Saved entries:
------------------------------------------------------------

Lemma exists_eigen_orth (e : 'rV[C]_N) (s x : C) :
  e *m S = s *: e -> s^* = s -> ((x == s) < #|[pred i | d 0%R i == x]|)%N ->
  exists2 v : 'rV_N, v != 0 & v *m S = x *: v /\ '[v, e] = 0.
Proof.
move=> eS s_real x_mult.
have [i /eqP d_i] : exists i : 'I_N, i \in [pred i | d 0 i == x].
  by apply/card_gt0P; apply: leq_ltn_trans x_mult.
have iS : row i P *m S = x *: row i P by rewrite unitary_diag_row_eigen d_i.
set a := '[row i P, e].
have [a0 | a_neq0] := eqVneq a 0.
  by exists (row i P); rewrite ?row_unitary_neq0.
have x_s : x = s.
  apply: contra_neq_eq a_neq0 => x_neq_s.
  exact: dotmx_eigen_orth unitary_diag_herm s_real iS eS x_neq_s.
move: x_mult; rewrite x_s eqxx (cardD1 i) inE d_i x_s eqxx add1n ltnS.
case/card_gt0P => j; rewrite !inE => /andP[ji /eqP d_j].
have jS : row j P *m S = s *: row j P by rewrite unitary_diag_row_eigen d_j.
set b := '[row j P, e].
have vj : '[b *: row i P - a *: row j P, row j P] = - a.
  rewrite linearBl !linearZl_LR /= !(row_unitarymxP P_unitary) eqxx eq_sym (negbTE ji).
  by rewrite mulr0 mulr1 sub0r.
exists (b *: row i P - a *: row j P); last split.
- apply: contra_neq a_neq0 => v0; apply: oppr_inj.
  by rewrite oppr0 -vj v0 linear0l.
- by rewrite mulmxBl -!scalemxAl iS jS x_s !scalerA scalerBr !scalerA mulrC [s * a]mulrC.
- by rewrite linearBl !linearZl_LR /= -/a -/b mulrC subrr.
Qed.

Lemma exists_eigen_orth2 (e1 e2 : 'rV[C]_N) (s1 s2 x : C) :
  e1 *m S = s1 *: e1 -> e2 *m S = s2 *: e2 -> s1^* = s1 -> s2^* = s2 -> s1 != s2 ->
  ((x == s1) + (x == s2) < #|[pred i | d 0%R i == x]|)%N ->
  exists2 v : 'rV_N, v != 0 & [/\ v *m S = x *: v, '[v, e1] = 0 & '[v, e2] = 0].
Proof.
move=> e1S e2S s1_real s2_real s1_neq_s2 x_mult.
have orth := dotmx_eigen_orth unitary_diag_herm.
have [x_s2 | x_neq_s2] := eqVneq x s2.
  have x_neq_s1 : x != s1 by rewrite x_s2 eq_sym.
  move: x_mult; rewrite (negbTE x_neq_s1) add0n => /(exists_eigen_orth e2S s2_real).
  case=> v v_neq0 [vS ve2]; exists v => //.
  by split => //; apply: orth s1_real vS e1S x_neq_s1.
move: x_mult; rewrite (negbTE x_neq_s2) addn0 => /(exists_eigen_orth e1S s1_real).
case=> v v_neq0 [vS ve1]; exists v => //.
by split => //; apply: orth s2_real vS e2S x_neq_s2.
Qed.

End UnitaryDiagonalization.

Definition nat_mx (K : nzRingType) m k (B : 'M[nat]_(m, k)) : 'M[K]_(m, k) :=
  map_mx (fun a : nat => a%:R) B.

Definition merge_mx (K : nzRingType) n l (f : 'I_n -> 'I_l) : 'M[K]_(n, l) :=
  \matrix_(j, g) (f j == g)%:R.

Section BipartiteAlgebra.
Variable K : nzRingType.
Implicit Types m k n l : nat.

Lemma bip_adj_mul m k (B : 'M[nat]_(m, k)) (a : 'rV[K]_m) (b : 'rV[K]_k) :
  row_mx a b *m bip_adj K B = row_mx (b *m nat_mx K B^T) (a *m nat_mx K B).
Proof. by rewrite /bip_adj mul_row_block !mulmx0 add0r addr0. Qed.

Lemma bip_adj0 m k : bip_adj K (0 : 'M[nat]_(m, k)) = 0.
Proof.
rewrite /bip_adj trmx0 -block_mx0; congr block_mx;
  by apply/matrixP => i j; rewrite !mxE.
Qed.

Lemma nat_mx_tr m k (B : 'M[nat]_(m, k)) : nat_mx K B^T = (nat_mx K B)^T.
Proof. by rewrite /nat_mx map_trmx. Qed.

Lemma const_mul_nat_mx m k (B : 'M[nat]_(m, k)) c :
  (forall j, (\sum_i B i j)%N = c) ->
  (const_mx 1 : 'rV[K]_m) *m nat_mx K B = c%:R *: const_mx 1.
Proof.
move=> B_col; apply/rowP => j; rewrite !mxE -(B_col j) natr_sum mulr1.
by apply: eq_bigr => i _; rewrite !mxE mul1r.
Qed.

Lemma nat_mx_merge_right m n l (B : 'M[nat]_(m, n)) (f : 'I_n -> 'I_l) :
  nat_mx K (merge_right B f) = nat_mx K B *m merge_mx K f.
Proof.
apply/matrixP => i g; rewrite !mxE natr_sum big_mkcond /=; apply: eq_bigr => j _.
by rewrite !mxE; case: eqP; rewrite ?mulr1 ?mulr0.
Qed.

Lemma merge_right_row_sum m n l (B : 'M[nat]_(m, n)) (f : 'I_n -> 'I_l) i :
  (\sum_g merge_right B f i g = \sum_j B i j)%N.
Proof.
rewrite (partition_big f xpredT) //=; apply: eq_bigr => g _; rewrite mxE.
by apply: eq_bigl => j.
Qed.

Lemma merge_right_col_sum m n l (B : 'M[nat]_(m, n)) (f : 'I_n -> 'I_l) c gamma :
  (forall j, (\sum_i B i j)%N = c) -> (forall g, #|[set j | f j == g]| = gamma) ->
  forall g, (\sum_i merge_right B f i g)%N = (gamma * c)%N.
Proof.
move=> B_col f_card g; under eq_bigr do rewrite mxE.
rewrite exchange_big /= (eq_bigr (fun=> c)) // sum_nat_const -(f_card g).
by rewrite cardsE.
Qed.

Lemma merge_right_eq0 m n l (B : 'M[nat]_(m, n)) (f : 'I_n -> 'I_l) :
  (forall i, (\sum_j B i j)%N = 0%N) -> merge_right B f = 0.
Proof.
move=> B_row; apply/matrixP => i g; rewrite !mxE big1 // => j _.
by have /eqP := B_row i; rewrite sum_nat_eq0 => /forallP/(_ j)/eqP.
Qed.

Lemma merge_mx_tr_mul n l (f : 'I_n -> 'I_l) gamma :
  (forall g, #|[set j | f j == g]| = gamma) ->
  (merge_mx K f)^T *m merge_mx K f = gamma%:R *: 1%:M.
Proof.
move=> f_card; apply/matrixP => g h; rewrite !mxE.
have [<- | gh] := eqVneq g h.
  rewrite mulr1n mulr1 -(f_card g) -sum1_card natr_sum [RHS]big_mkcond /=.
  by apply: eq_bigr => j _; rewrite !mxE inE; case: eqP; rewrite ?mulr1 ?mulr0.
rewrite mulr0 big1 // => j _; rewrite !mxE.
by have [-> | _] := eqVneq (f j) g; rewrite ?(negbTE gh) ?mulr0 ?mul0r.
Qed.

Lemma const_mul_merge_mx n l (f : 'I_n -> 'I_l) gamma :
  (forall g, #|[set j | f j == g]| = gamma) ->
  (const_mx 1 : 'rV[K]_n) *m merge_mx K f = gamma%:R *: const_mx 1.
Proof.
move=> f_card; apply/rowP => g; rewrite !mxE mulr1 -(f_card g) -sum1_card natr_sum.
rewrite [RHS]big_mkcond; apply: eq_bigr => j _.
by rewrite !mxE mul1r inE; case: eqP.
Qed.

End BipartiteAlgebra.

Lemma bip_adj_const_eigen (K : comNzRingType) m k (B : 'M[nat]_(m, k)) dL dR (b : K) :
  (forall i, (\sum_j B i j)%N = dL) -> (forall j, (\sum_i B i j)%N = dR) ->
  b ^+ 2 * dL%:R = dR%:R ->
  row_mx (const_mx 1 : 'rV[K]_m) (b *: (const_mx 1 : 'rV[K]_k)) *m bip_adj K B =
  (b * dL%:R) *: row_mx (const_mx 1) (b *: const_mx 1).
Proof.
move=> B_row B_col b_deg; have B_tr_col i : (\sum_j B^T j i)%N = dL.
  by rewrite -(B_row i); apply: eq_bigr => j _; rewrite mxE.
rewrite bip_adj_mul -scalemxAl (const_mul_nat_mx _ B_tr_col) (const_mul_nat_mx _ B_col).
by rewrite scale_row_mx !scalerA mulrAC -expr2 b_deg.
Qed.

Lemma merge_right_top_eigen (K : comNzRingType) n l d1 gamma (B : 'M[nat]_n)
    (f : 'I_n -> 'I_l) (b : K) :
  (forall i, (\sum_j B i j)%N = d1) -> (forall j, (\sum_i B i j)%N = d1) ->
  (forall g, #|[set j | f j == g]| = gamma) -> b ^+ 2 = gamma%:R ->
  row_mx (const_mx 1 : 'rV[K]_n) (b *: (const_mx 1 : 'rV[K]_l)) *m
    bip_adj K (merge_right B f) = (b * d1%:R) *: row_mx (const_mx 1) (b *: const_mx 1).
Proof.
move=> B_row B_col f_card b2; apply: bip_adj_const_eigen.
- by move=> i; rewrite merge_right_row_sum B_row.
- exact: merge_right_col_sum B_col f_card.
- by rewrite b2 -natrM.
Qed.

------------------------------------------------------------

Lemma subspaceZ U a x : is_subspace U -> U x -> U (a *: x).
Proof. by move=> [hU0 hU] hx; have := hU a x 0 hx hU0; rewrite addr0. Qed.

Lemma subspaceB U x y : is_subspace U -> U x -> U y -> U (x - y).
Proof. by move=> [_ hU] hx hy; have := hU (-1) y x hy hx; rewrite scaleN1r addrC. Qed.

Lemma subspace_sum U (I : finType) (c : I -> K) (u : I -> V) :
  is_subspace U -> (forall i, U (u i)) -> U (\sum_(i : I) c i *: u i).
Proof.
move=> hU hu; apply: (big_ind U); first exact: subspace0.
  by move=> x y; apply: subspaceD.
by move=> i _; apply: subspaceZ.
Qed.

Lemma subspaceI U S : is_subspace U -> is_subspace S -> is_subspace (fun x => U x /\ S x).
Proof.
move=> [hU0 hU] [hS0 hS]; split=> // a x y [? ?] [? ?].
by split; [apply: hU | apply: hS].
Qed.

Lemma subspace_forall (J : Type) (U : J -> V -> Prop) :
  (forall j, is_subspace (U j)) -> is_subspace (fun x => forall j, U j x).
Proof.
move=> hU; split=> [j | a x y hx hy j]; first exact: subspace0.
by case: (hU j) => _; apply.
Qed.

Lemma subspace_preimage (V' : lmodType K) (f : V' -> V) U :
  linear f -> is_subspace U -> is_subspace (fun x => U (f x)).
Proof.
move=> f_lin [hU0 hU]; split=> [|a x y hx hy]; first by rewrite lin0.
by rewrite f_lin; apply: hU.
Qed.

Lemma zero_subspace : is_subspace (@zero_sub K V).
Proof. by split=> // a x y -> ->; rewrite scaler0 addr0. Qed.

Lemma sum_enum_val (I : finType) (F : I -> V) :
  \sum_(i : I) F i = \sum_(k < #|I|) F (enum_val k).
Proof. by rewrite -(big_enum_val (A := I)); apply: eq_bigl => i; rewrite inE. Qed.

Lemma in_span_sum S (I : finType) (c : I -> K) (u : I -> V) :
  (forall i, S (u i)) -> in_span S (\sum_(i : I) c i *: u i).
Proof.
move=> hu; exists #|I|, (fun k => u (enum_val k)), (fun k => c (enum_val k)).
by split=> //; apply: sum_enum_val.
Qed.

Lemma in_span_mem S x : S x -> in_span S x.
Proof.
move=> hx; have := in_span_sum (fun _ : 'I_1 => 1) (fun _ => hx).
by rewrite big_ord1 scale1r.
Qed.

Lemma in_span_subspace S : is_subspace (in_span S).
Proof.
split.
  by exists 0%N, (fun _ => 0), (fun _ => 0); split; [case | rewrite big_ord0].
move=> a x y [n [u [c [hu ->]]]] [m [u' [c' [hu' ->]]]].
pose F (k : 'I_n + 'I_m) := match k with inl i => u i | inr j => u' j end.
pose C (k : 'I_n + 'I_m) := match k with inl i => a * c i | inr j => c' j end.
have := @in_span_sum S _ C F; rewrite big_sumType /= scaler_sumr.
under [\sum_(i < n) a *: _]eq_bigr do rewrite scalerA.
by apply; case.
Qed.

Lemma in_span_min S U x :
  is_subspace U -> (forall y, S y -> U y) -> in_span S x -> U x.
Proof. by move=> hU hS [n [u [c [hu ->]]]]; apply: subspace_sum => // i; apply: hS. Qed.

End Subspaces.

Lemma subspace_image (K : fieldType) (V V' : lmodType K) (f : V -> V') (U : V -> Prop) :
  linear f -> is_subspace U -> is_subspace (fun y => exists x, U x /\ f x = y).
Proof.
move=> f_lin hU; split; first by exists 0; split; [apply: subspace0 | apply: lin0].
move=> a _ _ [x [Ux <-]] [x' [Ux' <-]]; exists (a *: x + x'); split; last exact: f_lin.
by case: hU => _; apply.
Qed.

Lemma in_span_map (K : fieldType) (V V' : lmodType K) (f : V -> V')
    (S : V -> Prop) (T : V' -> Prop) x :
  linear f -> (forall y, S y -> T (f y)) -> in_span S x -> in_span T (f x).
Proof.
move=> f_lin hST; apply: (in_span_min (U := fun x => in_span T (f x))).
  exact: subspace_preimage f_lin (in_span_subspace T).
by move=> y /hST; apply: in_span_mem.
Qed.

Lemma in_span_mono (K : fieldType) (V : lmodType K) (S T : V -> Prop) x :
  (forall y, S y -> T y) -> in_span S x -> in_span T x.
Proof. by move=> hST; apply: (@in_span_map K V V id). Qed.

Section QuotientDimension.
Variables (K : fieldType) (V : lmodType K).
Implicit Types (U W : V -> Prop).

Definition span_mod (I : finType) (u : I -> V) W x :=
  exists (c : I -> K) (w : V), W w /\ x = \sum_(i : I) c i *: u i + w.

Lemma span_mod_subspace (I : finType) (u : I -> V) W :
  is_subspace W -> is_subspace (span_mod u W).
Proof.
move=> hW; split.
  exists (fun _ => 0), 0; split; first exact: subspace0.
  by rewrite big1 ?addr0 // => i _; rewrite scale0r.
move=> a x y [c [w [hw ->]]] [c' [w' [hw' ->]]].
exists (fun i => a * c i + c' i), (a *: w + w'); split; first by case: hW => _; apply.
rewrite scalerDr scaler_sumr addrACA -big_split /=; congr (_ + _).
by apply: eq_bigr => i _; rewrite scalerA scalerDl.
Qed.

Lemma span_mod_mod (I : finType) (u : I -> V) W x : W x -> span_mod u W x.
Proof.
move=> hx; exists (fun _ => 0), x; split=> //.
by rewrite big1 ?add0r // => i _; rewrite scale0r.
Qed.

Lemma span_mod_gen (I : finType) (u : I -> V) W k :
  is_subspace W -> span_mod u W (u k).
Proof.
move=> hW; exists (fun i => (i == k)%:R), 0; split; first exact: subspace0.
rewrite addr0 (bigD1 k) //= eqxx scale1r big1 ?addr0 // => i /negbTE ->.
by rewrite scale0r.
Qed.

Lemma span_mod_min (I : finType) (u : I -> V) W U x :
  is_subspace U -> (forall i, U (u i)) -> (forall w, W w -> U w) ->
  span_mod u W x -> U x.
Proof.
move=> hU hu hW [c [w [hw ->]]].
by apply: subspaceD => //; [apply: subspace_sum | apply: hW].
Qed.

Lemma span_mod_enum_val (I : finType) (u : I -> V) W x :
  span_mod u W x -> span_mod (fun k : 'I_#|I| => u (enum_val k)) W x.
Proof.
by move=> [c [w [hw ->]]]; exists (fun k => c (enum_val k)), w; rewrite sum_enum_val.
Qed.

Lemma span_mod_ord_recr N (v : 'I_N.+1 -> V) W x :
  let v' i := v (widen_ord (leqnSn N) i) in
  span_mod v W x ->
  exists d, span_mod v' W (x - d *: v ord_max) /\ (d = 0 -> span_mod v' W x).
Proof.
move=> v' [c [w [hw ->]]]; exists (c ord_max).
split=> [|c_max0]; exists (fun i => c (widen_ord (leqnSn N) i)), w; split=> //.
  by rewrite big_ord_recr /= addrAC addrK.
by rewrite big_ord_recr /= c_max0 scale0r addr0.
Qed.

------------------------------------------------------------

Task item -> Please transcribe exactly the lines above from the line that has "by rewrite mulr0 mulr1 sub0r." up to and including the line that has "- by rewrite linearBl"; no other line belongs in the answer.

Solution ->
  by rewrite mulr0 mulr1 sub0r.
exists (b *: row i P - a *: row j P); last split.
- apply: contra_neq a_neq0 => v0; apply: oppr_inj.
  by rewrite oppr0 -vj v0 linear0l.
- by rewrite mulmxBl -!scalemxAl iS jS x_s !scalerA scalerBr !scalerA mulrC [s * a]mulrC.
- by rewrite linearBl !linearZl_LR /= -/a -/b mulrC subrr.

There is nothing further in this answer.